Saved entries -

#####

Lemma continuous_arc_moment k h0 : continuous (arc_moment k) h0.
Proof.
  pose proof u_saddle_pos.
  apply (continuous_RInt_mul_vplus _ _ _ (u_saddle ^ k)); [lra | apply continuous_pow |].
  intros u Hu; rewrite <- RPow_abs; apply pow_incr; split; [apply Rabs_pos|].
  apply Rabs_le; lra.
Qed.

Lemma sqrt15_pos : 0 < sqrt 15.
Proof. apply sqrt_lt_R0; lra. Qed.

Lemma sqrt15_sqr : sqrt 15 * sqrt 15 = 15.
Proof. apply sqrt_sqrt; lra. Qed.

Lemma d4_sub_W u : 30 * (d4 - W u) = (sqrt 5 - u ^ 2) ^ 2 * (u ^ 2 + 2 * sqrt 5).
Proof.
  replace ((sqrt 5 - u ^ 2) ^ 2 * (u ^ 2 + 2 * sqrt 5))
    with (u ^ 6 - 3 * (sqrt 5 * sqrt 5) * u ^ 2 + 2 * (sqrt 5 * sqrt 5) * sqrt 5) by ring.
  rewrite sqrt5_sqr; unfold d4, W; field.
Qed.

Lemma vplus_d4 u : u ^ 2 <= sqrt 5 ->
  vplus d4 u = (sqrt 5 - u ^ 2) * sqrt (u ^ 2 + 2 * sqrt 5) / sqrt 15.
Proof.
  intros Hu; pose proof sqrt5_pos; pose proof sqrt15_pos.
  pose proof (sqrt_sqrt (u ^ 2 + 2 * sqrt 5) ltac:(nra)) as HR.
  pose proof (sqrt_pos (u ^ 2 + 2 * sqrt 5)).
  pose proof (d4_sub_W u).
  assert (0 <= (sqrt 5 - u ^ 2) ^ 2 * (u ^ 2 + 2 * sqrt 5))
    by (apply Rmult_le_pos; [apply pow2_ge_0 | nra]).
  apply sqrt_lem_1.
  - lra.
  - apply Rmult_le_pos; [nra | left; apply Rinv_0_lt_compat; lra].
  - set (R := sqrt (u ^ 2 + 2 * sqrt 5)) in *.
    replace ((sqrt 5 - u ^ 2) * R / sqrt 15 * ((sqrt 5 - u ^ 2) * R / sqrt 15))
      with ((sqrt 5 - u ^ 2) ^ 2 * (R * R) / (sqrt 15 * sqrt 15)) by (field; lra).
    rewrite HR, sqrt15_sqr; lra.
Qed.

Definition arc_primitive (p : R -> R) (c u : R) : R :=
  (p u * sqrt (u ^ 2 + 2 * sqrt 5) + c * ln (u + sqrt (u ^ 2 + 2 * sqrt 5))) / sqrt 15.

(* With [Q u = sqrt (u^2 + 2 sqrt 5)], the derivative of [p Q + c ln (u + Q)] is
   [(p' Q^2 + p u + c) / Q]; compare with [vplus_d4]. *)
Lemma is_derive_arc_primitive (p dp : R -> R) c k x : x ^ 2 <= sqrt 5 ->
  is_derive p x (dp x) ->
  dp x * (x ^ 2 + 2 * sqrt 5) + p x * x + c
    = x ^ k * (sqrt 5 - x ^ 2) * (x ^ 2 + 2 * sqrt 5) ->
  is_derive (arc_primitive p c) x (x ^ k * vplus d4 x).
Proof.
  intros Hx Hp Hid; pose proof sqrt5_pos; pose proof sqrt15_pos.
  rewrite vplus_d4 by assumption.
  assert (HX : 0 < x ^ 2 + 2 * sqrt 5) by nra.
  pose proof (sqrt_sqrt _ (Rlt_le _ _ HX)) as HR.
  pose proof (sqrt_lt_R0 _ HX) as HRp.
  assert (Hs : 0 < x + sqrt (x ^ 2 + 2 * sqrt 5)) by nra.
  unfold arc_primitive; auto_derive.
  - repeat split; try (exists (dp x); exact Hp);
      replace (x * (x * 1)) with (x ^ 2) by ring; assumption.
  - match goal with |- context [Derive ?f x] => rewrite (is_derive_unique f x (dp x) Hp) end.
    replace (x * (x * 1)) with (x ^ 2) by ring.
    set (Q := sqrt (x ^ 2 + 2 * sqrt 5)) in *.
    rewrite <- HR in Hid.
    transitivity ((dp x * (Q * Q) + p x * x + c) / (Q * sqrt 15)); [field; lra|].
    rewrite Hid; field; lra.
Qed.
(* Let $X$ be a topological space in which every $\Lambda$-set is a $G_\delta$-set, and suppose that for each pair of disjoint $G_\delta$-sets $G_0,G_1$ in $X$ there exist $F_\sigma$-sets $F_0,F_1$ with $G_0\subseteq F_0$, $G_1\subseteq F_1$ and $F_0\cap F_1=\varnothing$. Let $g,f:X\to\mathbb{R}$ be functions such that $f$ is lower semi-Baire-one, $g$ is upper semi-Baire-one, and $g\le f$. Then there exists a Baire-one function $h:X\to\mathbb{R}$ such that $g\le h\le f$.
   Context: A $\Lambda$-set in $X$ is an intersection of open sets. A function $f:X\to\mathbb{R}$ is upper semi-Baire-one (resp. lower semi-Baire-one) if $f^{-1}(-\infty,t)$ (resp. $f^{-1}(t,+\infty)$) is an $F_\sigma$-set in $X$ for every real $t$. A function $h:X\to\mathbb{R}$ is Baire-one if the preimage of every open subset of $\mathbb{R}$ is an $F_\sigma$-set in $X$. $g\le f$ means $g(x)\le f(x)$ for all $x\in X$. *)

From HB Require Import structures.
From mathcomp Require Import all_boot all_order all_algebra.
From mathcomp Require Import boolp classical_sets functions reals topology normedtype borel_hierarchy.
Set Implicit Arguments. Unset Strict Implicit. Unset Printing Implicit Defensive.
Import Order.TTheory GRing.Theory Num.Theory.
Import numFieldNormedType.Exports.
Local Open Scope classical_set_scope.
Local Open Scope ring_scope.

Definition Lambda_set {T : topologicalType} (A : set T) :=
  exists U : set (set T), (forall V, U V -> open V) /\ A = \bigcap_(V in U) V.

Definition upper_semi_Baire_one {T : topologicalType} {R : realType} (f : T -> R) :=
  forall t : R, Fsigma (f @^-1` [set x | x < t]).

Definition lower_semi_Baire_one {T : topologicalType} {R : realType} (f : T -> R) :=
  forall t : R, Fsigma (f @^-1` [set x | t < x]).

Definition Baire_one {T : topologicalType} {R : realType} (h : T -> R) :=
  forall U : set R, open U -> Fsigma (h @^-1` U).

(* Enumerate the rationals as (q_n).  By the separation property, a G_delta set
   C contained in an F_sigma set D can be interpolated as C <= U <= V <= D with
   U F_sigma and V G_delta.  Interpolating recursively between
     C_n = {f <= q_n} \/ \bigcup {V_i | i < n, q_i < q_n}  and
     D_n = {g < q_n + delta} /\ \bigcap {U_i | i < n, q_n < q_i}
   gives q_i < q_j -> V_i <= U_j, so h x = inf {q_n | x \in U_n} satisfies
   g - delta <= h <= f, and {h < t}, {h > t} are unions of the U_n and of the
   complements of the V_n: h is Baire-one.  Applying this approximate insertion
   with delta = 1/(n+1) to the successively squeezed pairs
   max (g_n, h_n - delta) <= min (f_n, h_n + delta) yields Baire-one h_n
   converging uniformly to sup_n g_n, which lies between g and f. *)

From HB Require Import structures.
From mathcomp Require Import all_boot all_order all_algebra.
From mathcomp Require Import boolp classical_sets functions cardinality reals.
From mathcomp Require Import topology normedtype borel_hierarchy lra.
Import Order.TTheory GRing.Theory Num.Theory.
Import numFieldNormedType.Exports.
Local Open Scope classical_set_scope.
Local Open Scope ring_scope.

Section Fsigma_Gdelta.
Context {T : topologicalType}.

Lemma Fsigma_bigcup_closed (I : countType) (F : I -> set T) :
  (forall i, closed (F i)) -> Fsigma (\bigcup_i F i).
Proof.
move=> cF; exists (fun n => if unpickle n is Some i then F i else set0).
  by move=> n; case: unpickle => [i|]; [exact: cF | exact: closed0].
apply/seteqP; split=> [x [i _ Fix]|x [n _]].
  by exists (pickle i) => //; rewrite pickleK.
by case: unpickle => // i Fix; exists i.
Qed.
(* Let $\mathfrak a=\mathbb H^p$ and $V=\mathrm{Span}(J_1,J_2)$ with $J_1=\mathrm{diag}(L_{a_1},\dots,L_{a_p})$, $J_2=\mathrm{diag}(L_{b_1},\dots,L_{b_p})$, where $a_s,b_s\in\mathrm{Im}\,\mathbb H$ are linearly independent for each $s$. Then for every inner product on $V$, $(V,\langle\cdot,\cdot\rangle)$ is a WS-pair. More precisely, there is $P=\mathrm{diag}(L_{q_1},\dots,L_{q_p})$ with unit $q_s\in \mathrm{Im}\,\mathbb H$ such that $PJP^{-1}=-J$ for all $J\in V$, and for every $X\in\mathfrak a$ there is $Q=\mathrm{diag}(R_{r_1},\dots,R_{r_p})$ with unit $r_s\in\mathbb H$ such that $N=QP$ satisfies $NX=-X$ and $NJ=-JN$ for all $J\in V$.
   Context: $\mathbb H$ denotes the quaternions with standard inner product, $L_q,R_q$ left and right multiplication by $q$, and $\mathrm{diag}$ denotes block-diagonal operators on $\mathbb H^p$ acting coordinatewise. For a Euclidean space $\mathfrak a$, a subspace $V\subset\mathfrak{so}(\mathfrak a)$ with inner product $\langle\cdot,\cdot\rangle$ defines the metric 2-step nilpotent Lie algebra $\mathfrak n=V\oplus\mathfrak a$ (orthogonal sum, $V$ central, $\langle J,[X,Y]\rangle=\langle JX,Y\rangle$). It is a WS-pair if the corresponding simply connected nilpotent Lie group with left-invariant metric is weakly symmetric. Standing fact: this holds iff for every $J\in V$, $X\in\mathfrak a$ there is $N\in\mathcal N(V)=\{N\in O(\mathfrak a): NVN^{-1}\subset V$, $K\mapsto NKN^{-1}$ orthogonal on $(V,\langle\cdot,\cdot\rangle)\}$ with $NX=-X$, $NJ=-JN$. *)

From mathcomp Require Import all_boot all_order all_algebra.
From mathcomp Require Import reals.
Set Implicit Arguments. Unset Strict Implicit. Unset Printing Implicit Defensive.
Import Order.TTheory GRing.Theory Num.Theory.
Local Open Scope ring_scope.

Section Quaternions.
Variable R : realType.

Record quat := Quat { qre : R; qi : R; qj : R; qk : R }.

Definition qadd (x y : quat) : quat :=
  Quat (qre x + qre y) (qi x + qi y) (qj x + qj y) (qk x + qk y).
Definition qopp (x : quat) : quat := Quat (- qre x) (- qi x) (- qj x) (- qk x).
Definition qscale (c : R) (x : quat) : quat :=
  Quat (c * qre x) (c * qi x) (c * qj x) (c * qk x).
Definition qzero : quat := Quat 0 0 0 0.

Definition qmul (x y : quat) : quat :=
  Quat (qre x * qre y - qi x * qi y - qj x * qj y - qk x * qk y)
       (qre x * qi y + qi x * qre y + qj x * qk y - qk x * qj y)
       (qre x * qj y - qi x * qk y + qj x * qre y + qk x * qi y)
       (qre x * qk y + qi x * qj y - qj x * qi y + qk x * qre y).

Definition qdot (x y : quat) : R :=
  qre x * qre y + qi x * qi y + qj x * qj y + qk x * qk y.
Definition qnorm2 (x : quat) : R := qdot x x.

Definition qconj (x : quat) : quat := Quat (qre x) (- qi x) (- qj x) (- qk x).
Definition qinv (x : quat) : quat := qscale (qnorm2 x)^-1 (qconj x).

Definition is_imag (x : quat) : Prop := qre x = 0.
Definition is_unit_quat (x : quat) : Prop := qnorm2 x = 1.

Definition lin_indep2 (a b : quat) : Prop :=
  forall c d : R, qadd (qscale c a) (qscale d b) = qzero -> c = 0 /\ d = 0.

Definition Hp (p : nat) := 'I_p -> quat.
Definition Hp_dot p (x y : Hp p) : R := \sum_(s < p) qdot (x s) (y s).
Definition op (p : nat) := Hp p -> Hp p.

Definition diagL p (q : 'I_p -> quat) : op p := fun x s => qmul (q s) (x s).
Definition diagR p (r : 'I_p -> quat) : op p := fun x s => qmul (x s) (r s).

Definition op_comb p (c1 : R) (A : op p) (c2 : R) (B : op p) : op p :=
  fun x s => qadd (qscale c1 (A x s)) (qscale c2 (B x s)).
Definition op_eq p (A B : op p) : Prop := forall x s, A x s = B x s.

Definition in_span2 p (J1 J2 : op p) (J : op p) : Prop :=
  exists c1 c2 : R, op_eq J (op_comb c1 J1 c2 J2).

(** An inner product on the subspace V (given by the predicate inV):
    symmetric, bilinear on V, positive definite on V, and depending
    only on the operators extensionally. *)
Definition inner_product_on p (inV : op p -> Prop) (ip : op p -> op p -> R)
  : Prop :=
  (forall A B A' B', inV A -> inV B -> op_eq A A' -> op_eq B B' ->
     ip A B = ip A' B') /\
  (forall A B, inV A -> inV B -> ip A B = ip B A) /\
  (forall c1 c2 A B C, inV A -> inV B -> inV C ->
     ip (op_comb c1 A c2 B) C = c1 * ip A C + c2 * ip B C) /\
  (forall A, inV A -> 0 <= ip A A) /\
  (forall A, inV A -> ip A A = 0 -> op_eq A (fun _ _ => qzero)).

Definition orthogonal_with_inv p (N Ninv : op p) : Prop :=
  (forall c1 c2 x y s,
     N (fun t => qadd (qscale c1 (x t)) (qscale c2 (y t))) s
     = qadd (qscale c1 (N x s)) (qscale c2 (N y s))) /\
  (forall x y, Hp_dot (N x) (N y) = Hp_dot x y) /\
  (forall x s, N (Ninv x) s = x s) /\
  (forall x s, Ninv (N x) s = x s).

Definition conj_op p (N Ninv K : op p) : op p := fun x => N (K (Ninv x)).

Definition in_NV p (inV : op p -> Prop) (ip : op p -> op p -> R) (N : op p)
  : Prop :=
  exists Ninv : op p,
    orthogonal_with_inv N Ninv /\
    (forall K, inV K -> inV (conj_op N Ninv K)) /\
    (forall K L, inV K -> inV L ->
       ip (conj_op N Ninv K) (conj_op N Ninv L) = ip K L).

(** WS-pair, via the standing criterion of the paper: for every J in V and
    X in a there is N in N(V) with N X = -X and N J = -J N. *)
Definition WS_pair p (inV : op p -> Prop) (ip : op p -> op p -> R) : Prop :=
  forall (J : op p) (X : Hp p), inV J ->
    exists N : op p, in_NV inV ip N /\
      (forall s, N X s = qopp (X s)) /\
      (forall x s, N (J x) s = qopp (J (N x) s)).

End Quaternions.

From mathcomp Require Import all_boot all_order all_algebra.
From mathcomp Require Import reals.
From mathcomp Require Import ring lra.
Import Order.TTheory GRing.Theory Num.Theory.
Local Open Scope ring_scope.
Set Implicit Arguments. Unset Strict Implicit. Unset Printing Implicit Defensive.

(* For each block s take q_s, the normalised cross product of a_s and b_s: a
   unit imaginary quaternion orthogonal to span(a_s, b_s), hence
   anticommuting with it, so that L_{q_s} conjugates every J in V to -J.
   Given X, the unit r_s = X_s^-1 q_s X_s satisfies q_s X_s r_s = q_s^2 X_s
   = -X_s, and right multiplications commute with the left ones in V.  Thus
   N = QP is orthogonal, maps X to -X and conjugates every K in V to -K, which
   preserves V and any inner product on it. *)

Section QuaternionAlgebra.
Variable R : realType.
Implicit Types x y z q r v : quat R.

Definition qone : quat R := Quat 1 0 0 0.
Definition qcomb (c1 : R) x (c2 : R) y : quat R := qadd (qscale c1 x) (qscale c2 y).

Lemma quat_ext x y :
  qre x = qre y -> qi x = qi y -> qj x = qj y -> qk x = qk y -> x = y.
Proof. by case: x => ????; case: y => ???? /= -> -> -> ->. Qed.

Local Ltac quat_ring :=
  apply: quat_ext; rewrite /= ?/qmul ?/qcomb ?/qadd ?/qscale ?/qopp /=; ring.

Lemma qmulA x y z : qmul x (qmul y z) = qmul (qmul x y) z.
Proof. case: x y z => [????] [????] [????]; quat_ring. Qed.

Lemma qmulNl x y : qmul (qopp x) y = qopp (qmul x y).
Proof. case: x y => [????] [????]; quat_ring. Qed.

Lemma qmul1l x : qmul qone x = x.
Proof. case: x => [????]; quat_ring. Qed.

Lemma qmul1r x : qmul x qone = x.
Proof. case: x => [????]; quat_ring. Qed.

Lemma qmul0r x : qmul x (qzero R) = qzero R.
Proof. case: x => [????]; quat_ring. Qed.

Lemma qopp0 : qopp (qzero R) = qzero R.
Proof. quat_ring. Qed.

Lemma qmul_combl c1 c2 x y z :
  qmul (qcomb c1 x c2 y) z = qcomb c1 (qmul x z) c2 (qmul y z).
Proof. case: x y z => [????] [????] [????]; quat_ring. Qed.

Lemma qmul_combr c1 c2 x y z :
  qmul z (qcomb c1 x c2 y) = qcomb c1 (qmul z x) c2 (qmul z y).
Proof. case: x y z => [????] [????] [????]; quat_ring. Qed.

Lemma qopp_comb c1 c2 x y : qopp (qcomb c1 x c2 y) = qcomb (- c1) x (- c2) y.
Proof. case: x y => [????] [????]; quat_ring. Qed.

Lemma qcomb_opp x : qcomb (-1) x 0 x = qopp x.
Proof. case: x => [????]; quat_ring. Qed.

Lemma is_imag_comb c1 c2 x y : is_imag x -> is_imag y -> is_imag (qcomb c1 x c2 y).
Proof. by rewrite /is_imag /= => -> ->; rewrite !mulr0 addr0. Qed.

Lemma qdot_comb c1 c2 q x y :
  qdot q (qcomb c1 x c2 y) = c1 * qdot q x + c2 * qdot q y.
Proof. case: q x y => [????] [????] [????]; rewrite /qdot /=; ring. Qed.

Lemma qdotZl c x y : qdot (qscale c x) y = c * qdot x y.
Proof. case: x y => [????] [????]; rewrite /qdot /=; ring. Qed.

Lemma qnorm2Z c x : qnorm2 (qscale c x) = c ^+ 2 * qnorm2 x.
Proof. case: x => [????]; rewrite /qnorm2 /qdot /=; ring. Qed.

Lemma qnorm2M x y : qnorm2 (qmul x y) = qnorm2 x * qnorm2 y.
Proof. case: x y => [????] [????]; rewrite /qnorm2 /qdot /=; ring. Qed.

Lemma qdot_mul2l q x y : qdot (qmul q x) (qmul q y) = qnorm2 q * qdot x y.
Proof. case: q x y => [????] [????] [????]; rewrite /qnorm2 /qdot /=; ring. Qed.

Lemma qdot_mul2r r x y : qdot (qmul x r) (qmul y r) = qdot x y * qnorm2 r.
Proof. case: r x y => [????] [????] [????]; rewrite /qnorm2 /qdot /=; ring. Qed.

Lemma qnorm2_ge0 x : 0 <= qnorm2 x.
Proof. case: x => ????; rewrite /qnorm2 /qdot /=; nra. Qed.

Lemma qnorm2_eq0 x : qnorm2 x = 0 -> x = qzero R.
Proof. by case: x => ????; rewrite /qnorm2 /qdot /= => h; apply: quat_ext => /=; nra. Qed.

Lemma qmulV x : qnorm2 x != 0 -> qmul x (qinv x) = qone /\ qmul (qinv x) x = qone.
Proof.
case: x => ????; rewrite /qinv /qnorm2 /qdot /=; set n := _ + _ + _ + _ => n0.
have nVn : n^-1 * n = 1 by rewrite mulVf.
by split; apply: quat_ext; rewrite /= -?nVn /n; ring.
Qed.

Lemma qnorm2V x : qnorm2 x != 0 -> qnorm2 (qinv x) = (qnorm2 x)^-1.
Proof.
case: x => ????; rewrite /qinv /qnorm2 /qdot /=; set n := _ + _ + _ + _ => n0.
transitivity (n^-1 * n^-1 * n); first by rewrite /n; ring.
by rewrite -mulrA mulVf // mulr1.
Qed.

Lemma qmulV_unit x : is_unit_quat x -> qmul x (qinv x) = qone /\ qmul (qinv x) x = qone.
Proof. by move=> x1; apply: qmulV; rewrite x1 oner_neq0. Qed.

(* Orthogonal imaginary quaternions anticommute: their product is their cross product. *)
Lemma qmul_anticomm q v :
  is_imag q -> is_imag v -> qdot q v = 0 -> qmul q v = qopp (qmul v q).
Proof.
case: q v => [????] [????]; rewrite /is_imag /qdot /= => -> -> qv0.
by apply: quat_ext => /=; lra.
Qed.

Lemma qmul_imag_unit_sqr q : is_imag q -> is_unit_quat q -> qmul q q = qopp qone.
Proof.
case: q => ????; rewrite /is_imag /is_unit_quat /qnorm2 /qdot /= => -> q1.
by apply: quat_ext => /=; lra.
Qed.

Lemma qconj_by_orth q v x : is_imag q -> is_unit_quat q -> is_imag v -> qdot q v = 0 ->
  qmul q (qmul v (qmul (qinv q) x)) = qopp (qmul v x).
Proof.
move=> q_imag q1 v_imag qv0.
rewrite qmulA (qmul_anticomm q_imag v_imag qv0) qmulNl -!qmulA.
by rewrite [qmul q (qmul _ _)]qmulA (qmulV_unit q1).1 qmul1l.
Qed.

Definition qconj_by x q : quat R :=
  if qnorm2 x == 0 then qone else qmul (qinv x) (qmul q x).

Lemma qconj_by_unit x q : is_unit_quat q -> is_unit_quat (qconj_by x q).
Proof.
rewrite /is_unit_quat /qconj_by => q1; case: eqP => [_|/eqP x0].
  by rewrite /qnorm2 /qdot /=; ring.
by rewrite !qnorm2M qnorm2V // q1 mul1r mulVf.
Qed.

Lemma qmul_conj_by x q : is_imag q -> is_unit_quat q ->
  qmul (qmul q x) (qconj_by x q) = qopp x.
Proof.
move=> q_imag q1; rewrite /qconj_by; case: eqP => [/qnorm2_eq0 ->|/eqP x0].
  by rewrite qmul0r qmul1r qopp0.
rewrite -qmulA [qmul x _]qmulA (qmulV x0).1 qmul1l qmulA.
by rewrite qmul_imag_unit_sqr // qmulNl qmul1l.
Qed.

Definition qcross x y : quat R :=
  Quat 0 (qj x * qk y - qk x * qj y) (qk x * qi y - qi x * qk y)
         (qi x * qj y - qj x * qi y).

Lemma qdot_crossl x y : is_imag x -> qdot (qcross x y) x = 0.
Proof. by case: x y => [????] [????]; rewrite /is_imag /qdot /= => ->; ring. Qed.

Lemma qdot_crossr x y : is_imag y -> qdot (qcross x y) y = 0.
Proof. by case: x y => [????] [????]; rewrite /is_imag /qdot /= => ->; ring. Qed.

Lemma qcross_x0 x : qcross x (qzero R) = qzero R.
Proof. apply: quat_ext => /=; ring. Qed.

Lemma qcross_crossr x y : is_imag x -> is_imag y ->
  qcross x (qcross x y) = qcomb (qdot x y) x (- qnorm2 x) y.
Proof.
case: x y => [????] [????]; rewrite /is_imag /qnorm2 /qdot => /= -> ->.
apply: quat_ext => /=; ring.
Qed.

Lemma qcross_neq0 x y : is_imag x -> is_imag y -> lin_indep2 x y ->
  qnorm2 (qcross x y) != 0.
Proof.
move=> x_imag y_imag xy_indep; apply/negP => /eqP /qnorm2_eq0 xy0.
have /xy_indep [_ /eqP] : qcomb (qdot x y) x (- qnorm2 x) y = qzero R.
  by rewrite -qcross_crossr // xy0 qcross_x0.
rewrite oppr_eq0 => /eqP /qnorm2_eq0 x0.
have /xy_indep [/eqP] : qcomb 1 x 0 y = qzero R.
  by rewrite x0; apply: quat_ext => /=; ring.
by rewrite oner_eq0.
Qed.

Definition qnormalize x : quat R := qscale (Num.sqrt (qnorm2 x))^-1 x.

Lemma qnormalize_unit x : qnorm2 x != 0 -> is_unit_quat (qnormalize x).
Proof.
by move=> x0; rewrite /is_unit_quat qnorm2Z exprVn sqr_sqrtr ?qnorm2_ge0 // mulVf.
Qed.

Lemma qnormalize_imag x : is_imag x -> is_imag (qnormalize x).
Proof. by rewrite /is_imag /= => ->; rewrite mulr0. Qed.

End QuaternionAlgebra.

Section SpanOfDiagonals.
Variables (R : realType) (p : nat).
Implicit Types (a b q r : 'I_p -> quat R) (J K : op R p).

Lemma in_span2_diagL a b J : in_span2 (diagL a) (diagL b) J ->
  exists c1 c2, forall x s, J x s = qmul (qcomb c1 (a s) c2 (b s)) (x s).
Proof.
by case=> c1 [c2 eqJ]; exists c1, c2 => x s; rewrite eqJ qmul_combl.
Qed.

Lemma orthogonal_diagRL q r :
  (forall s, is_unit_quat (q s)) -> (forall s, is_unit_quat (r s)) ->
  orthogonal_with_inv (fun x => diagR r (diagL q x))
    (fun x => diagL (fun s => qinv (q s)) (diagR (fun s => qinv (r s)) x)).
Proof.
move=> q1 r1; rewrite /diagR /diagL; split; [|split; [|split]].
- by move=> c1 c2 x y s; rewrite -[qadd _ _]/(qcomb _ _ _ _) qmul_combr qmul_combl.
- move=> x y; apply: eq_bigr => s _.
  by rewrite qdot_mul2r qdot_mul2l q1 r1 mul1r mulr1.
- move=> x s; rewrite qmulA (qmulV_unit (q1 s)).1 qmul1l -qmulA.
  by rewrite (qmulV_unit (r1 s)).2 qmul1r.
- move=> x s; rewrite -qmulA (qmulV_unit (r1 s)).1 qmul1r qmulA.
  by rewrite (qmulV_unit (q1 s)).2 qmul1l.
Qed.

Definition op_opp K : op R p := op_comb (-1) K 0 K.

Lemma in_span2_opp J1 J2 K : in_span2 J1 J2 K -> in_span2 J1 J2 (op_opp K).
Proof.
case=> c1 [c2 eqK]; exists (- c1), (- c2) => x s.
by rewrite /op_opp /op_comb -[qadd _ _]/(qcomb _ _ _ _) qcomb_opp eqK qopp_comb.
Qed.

#####

THE TASK - Return exactly the lines above from the line that has "Lemma qconj_by_unit x" through the line that has "Section SpanOfDiagonals.", inclusive, and nothing else.

WRITTEN SOLUTION -
Lemma qconj_by_unit x q : is_unit_quat q -> is_unit_quat (qconj_by x q).
Proof.
rewrite /is_unit_quat /qconj_by => q1; case: eqP => [_|/eqP x0].
  by rewrite /qnorm2 /qdot /=; ring.
by rewrite !qnorm2M qnorm2V // q1 mul1r mulVf.
Qed.

Lemma qmul_conj_by x q : is_imag q -> is_unit_quat q ->
  qmul (qmul q x) (qconj_by x q) = qopp x.
Proof.
move=> q_imag q1; rewrite /qconj_by; case: eqP => [/qnorm2_eq0 ->|/eqP x0].
  by rewrite qmul0r qmul1r qopp0.
rewrite -qmulA [qmul x _]qmulA (qmulV x0).1 qmul1l qmulA.
by rewrite qmul_imag_unit_sqr // qmulNl qmul1l.
Qed.

Definition qcross x y : quat R :=
  Quat 0 (qj x * qk y - qk x * qj y) (qk x * qi y - qi x * qk y)
         (qi x * qj y - qj x * qi y).

Lemma qdot_crossl x y : is_imag x -> qdot (qcross x y) x = 0.
Proof. by case: x y => [????] [????]; rewrite /is_imag /qdot /= => ->; ring. Qed.

Lemma qdot_crossr x y : is_imag y -> qdot (qcross x y) y = 0.
Proof. by case: x y => [????] [????]; rewrite /is_imag /qdot /= => ->; ring. Qed.

Lemma qcross_x0 x : qcross x (qzero R) = qzero R.
Proof. apply: quat_ext => /=; ring. Qed.

Lemma qcross_crossr x y : is_imag x -> is_imag y ->
  qcross x (qcross x y) = qcomb (qdot x y) x (- qnorm2 x) y.
Proof.
case: x y => [????] [????]; rewrite /is_imag /qnorm2 /qdot => /= -> ->.
apply: quat_ext => /=; ring.
Qed.

Lemma qcross_neq0 x y : is_imag x -> is_imag y -> lin_indep2 x y ->
  qnorm2 (qcross x y) != 0.
Proof.
move=> x_imag y_imag xy_indep; apply/negP => /eqP /qnorm2_eq0 xy0.
have /xy_indep [_ /eqP] : qcomb (qdot x y) x (- qnorm2 x) y = qzero R.
  by rewrite -qcross_crossr // xy0 qcross_x0.
rewrite oppr_eq0 => /eqP /qnorm2_eq0 x0.
have /xy_indep [/eqP] : qcomb 1 x 0 y = qzero R.
  by rewrite x0; apply: quat_ext => /=; ring.
by rewrite oner_eq0.
Qed.

Definition qnormalize x : quat R := qscale (Num.sqrt (qnorm2 x))^-1 x.

Lemma qnormalize_unit x : qnorm2 x != 0 -> is_unit_quat (qnormalize x).
Proof.
by move=> x0; rewrite /is_unit_quat qnorm2Z exprVn sqr_sqrtr ?qnorm2_ge0 // mulVf.
Qed.

Lemma qnormalize_imag x : is_imag x -> is_imag (qnormalize x).
Proof. by rewrite /is_imag /= => ->; rewrite mulr0. Qed.

End QuaternionAlgebra.

Section SpanOfDiagonals.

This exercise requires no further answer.